Everything that could have gone wrong for the Pacers this season did go wrong. Sometimes, that’s out of your control as a franchise. But most of the time, you make your own circumstance, and the Pacers need to learn from the many things that hurt them this season so that the same issues (defense and injuries) don’t crush the organization for a third season in a row.
“It’s been a tough year. We’ve had a lot of stretches where wins have been hard to come by,” Carlisle said in March.
Avoiding the same obstacles next year is all about action. The Pacers have to put an enhanced focus on acquiring players with less health risk. It’s fine to have a few guys on the roster with the injury prone label, but deploying several can lead to a situation like the one the Pacers have been in for the last few seasons.
Defensively, Indiana must both acquire defensive talent and simplify their strategy. Personnel issues hurt the Pacers, but even early in the season when much of their team was similar to the squad from the year prior, the group was weak defensively. Some of the strategic changes Indiana made defensively this season hurt the team, and the coaching staff must identify what those changes were, even if better resources are acquired.
“Defensively, we have a lot of work to do,” Myles Turner, the team’s best defender, said. “When you’re constantly changing lineups or constantly reintroducing other concepts, I think that it can be a bit much.”

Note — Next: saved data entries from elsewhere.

Lemma not_bi_orderable_of_long_cycle (H : word -> Prop) (w : word) (a p : nat) :
  is_subgroup H -> (forall u, pure u -> H u) -> H w -> 3 <= p ->
  Nat.iter p (perm_of w) a = a ->
  (forall i j, i < p -> j < p -> Nat.iter i (perm_of w) a = Nat.iter j (perm_of w) a -> i = j) ->
  ~ bi_orderable H.
Proof.
  intros HS HP Hw Hp Hpa Hdist.
  apply (not_bi_orderable_of_model H w (rot (p - 2)) p p
           (fun i => Nat.iter i (perm_of w) a)); auto; try lia.
  - apply (supported_in_weaken 0 (0 + S (p - 2) + 1)); [lia | lia | apply supported_in_gens].
  - intros i Hi. rewrite perm_of_rot.
    destruct (Nat.leb_spec i (p - 2)); [reflexivity|].
    replace i with (S (p - 2)) by lia. rewrite Nat.eqb_refl.
    change (Nat.iter (S (S (p - 2))) (perm_of w) a = a).
    replace (S (S (p - 2))) with p by lia. exact Hpa.
  - replace p with (S (S (p - 2))) at 2 by lia. apply commuting_wpow_rot.
  - right. rewrite perm_of_rot. destruct (Nat.leb_spec 1 (p - 2)); lia.
Qed.

Theorem mainTheorem13 (H : word -> Prop) :
  is_subgroup H ->
  (forall w, pure w -> H w) ->
  (exists w, H w /\ ~ pure w) ->
  ~ bi_orderable H.
Proof.
  intros HS HP [w [Hw Hnp]].
  destruct (not_all_ex_not _ _ Hnp) as [a Ha].
  destruct (orbit_cycle w a Ha) as [p [Hp [Hpa Hdist]]].
  destruct (Nat.eq_dec p 2) as [->|Hp2].
  - exact (not_bi_orderable_of_2cycle H w a HS HP Hw Ha Hpa).
  - apply (not_bi_orderable_of_long_cycle H w a p); auto. lia.
Qed.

In crunch time, the Pacers have to buckle down on both ends. Some natural improvement will come on that end as young players improve their one-on-one skills, a talent that Haliburton mentioned wanting to improve this summer. And as the team’s defense improves, so will the crunch-time defense. But the Pacers cannot rely on the same skills to win them close games next season. It didn’t work in 2021-22.

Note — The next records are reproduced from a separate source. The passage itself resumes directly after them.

(* Consider an insertion-only edge stream, an integer $M\ge 6$, and the reservoir sample $\mathcal{S}$ of capacity $M$ (as described in the context). For a time $t$ let $\tau^{(t)}$ be the number of triangles of $G^{(t)}$ all of whose edges lie in $\mathcal{S}$ at the end of time step $t$, and let $\phi^{(t)}=\frac{t(t-1)(t-2)}{M(M-1)(M-2)}\tau^{(t)}$ and $\phi_{\mathrm{mix}}^{(t)}=\left(\frac{t}{M}\right)^3\tau^{(t)}$. Then for any $t>M$, \[ \left|\phi^{(t)}-\phi_{\mathrm{mix}}^{(t)}\right|\le\phi_{\mathrm{mix}}^{(t)}\frac{4}{M-2}. \]
   Context: An insertion-only edge stream: at each time step $s=1,2,\dots$ an edge $e_s$ between two distinct vertices arrives, which is not already present; $G^{(t)}$ has edge set $\{e_1,\dots,e_t\}$. A triangle is a set of three edges $\{\{u,v\},\{v,w\},\{w,u\}\}$ with $u,v,w$ distinct. Reservoir sampling with capacity $M$: the sample starts empty; at time $s$, if $s\le M$ the edge $e_s$ is inserted; if $s>M$, with probability $M/s$ an edge chosen uniformly at random from the sample is removed and $e_s$ is inserted, otherwise the sample is unchanged. *)

From mathcomp Require Import all_boot all_order all_algebra.
Set Implicit Arguments. Unset Strict Implicit. Unset Printing Implicit Defensive.
Import Order.TTheory GRing.Theory Num.Theory.

Section Stream.
Variable V : finType.

(* An edge is a 2-element vertex set; the stream is e : nat -> {set V},
   e s = e_s for s >= 1. *)
Definition is_edge (x : {set V}) : bool := #|x| == 2.

Definition valid_stream (e : nat -> {set V}) (t : nat) : Prop :=
  (forall s, 1 <= s <= t -> is_edge (e s)) /\
  (forall s s', 1 <= s <= t -> 1 <= s' <= t -> e s = e s' -> s = s').

Definition graph_edges (e : nat -> {set V}) (t : nat) : {set {set V}} :=
  [set x | x \in [seq e s | s <- iota 1 t]].

Definition is_triangle (T : {set {set V}}) : bool :=
  [exists u, exists v, exists w,
     [&& u != v, v != w, w != u &
      T == [set [set u; v]; [set v; w]; [set w; u]]]].

Definition rem_at (T : Type) (k : nat) (S : seq T) : seq T :=
  take k S ++ drop k.+1 S.

(* Reservoir sampling with capacity M, driven by a realization of its
   random choices: acc s = outcome of the coin with probability M/s at time s,
   idx s = index (uniform in the current sample of size M) of the removed edge. *)
Definition res_step (e : nat -> {set V}) (M : nat) (acc : nat -> bool)
  (idx : nat -> nat) (s : nat) (S : seq {set V}) : seq {set V} :=
  if s <= M then rcons S (e s)
  else if acc s then rcons (rem_at (idx s) S) (e s) else S.

Fixpoint reservoir (e : nat -> {set V}) (M : nat) (acc : nat -> bool)
  (idx : nat -> nat) (t : nat) : seq {set V} :=
  match t with
  | 0 => [::]
  | t'.+1 => res_step e M acc idx t'.+1 (reservoir e M acc idx t')
  end.

Definition tau (e : nat -> {set V}) (M : nat) (acc : nat -> bool)
  (idx : nat -> nat) (t : nat) : nat :=
  #|[set T : {set {set V}} | [&& is_triangle T, T \subset graph_edges e t &
      T \subset [set x | x \in reservoir e M acc idx t]]]|.

End Stream.

Local Open Scope ring_scope.

Definition phi (R : realFieldType) (M t tau : nat) : R :=
  (t * (t - 1) * (t - 2))%:R / (M * (M - 1) * (M - 2))%:R * tau%:R.

Definition phi_mix (R : realFieldType) (M t tau : nat) : R :=
  (t%:R / M%:R) ^+ 3 * tau%:R.

From mathcomp Require Import all_boot all_order all_algebra.
From mathcomp Require Import ring lra.
Import Order.TTheory GRing.Theory Num.Theory.
Local Open Scope ring_scope.

(* Their
   difference is T(T-m)(3mT-2T-2m) / m^3(m-1)(m-2), which is nonnegative, and
   4 T^3 (m-1) minus its numerator is T(T^2(m-2) + m^2(3T-2)) >= 0. *)

Section FallingRatio.
Context {R : realFieldType}.

Definition falling3 (x : R) : R := x * (x - 1) * (x - 2).

Lemma natr_falling3 (n : nat) : (2 <= n)%N ->
  (n * (n - 1) * (n - 2))%:R = falling3 n%:R.
Proof. by move=> n2; rewrite /falling3 !natrM !natrB // (leq_trans _ n2). Qed.

Lemma falling3_gt0 (x : R) : 2 < x -> 0 < falling3 x.
Proof. by move=> x_gt2; rewrite /falling3 !mulr_gt0 //; lra. Qed.

Lemma falling3_ratio_subE (m T : R) : 2 < m ->
  falling3 T / falling3 m - (T / m) ^+ 3 =
  T * (T - m) * (3 * m * T - 2 * T - 2 * m) / (m ^+ 2 * falling3 m).
Proof.
move=> m_gt2; rewrite /falling3; field.
by apply/and3P; split; apply/eqP; lra.
Qed.

Lemma falling3_ratio_ge_cube (m T : R) : 2 < m -> m <= T ->
  (T / m) ^+ 3 <= falling3 T / falling3 m.
Proof.
move=> m_gt2 m_leT; rewrite -subr_ge0 falling3_ratio_subE //.
apply: divr_ge0; last by rewrite ltW // mulr_gt0 ?exprn_gt0 ?falling3_gt0 //; lra.
by apply: mulr_ge0; [apply: mulr_ge0 | ]; nra.
Qed.

Lemma falling3_ratio_sub_cube_le (m T : R) : 2 < m -> m <= T ->
  falling3 T / falling3 m - (T / m) ^+ 3 <= (T / m) ^+ 3 * (4 / (m - 2)).
Proof.
move=> m_gt2 m_leT.
have denom_gt0 : 0 < m ^+ 2 * falling3 m.
  by rewrite mulr_gt0 ?exprn_gt0 ?falling3_gt0 //; lra.
have -> : (T / m) ^+ 3 * (4 / (m - 2)) =
    4 * T ^+ 3 * (m - 1) / (m ^+ 2 * falling3 m).
  by rewrite /falling3; field; apply/and3P; split; apply/eqP; lra.
rewrite falling3_ratio_subE // ler_pM2r ?invr_gt0 //.
have -> : 4 * T ^+ 3 * (m - 1) = T * (T - m) * (3 * m * T - 2 * T - 2 * m)
    + T * (T ^+ 2 * (m - 2) + m ^+ 2 * (3 * T - 2)) by ring.
rewrite lerDl; apply: mulr_ge0; first lra.
by apply: addr_ge0; apply: mulr_ge0; rewrite ?sqr_ge0 //; lra.
Qed.

End FallingRatio.

Theorem lemma4p10 (R : realFieldType) (V : finType) (e : nat -> {set V})
  (M : nat) (acc : nat -> bool) (idx : nat -> nat) (t : nat) :
  (6 <= M)%N ->
  (M < t)%N ->
  valid_stream e t ->
  (forall s, (M < s)%N -> (idx s < M)%N) ->
  let tt := tau e M acc idx t in
  `|phi R M t tt - phi_mix R M t tt| <=
    phi_mix R M t tt * (4%:R / (M - 2)%:R).
Proof.
move=> M_ge6 M_lt_t _ _ /=; set tt := tau _ _ _ _ _.
have M_gt2 : 2 < M%:R :> R by rewrite ltr_nat (leq_trans _ M_ge6).
have M_le_t : M%:R <= t%:R :> R by rewrite ler_nat ltnW.
have M_ge2 : (2 <= M)%N by rewrite (leq_trans _ M_ge6).
rewrite /phi /phi_mix !natr_falling3 ?(leq_trans M_ge2 (ltnW M_lt_t)) //.
rewrite natrB // -mulrBl ger0_norm; last first.
  by rewrite mulr_ge0 // subr_ge0 falling3_ratio_ge_cube.
rewrite [X in _ <= X]mulrAC.
by apply: ler_wpM2r => //; apply: falling3_ratio_sub_cube_le.
Qed.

If the Pacers don’t learn from their mistakes, then the 25-win campaign will have been wasted. It will be time lost. If the Pacers want to use the sunken season for growth (beyond the draft), they must make it a point to sit down and evaluate how to fix their mistakes heading into next year.

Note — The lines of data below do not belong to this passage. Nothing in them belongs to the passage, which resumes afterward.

Definition oracle_dist x y q : R := Num.sqrt (oracle_gap (pr0 R x q) (pr0 R y q)).

(* Adversary weights of query q on the side of x of the pair (x, move_bit x i j).
   The ratio of neighbour counts balances the two sides: their weights multiply
   to the oracle gap, while on each side they sum to O(k^-1/4) times the number
   of neighbours. *)
Definition weight_down x i j q : R :=
  if q i && ~~ q j then
    oracle_dist x (move_bit x i j) q * Num.sqrt (nbr_up (move_bit x i j) q / nbr_down x q)
  else 0.

Definition weight_up x i j q : R :=
  if ~~ q i && q j then
    oracle_dist x (move_bit x i j) q * Num.sqrt (nbr_down (move_bit x i j) q / nbr_up x q)
  else 0.

Definition pair_weight x i j q : R := weight_down x i j q + weight_up x i j q.

Lemma pair_weight_ge0 x i j q : 0 <= pair_weight x i j q.
Proof.
by rewrite /pair_weight /weight_down /weight_up addr_ge0 //; case: ifP => _ //;
   rewrite mulr_ge0 ?sqrtr_ge0.
Qed.

Lemma oracle_distC x y q : oracle_dist x y q = oracle_dist y x q.
Proof. by rewrite /oracle_dist oracle_gapC. Qed.

Lemma oracle_dist_sqr x y q :
  oracle_dist x y q * oracle_dist x y q = oracle_gap (pr0 R x q) (pr0 R y q).
Proof. by rewrite /oracle_dist -expr2 sqr_sqrtr // rot_gap_ge0. Qed.

Lemma sqrt_divK (a b : R) : 0 < a -> 0 < b -> Num.sqrt (a / b) * Num.sqrt (b / a) = 1.
Proof.
move=> a0 b0; rewrite -sqrtrM ?divr_ge0 ?ltW //.
by rewrite mulrA divfK ?gt_eqF // mulfV ?gt_eqF // sqrtr1.
Qed.

Lemma pair_weight_mul x i j q : x i -> ~~ x j ->
  oracle_gap (pr0 R x q) (pr0 R (move_bit x i j) q) <=
  pair_weight x i j q * pair_weight (move_bit x i j) j i q.
Proof.
move=> xi nxj; set y := move_bit x i j.
have yj : y j := move_bit_to xi nxj; have nyi : ~~ y i := move_bit_from x i j.
have qwt : q i = q j -> pr0 R y q = pr0 R x q.
  move=> qij; have := wt_in_move_bit xi nxj (inq q); rewrite /inq qij => e.
  by rewrite !pr0E /wtand /y; congr prob0; move: e; rewrite /wt_in; lia.
have pos l l' (z : bits N) (P P' : pred 'I_N) : z l -> P l -> ~~ z l' -> P' l' ->
    (0 : R) < (wt_in z P * wt_in (negbits z) P')%:R.
  move=> zl Pl nzl' Pl'; rewrite ltr0n muln_gt0 (wt_in_gt0 zl Pl).
  by rewrite (@wt_in_gt0 _ _ _ l') // negbitsE.
rewrite /pair_weight /weight_down /weight_up (move_bitK xi nxj) -/y.
case qi: (q i); case qj: (q j) => /=; rewrite ?addr0 ?add0r.
- by rewrite qwt ?qi ?qj // oracle_gapxx ?pr0_range // mulr0.
- rewrite mulrACA (oracle_distC y) oracle_dist_sqr sqrt_divK ?mulr1 //.
    by apply: (pos j i); rewrite /inq /outq ?qi ?qj.
  by apply: (pos i j); rewrite /inq /outq ?qi ?qj.
- rewrite mulrACA (oracle_distC y) oracle_dist_sqr sqrt_divK ?mulr1 //.
    by apply: (pos j i); rewrite /inq /outq ?qi ?qj.
  by apply: (pos i j); rewrite /inq /outq ?qi ?qj.
- by rewrite qwt ?qi ?qj // oracle_gapxx ?pr0_range // mulr0.
Qed.

End PairWeights.

Section ClassBound.
Variable R : realType.

Lemma sqr_quarter_root_bound (K M : R) : 0 < K ->
  (2 / Num.sqrt (Num.sqrt K) * (K * M)) ^+ 2 = 4 * K * Num.sqrt K * M ^+ 2.
Proof.
move=> K0; have sK0 : 0 < Num.sqrt K by rewrite sqrtr_gt0.
have KE : K ^+ 2 = K * Num.sqrt K ^+ 2 by rewrite sqr_sqrtr ?ltW // expr2.
rewrite !exprMn exprVn sqr_sqrtr ?ltW // KE.
by field; rewrite gt_eqF.
Qed.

“It’s been a tough year. We’ve had a lot of stretches where wins have been hard to come by,” Carlisle shared this season. “But this has been a resilient group.”
That resilience will be key for a now-young Pacers team. Because if this team, and this franchise, learns from their mistakes and takes steps to fix them, the team will advance forward in the coming seasons. Maybe that won’t be an immediate advancement into the postseason, but they will make strides in the right direction.
That’s key for any franchise, but especially one that hasn’t had a season this poor since the 1980s. The Indiana Pacers can’t allow years like this to become a habit. They must make it a lesson and move forward.
“This summer is a big summer for everybody on the team,” rookie center Isaiah Jackson said during the final weekend of the season. He’s right, and that extends to everyone in the Pacers organization. The Pacers started making steps in the right direction at the trade deadline, but there is still more work to do.
The Pacers miserable season ended. Now, it needs to become a valuable piece of education for the franchise.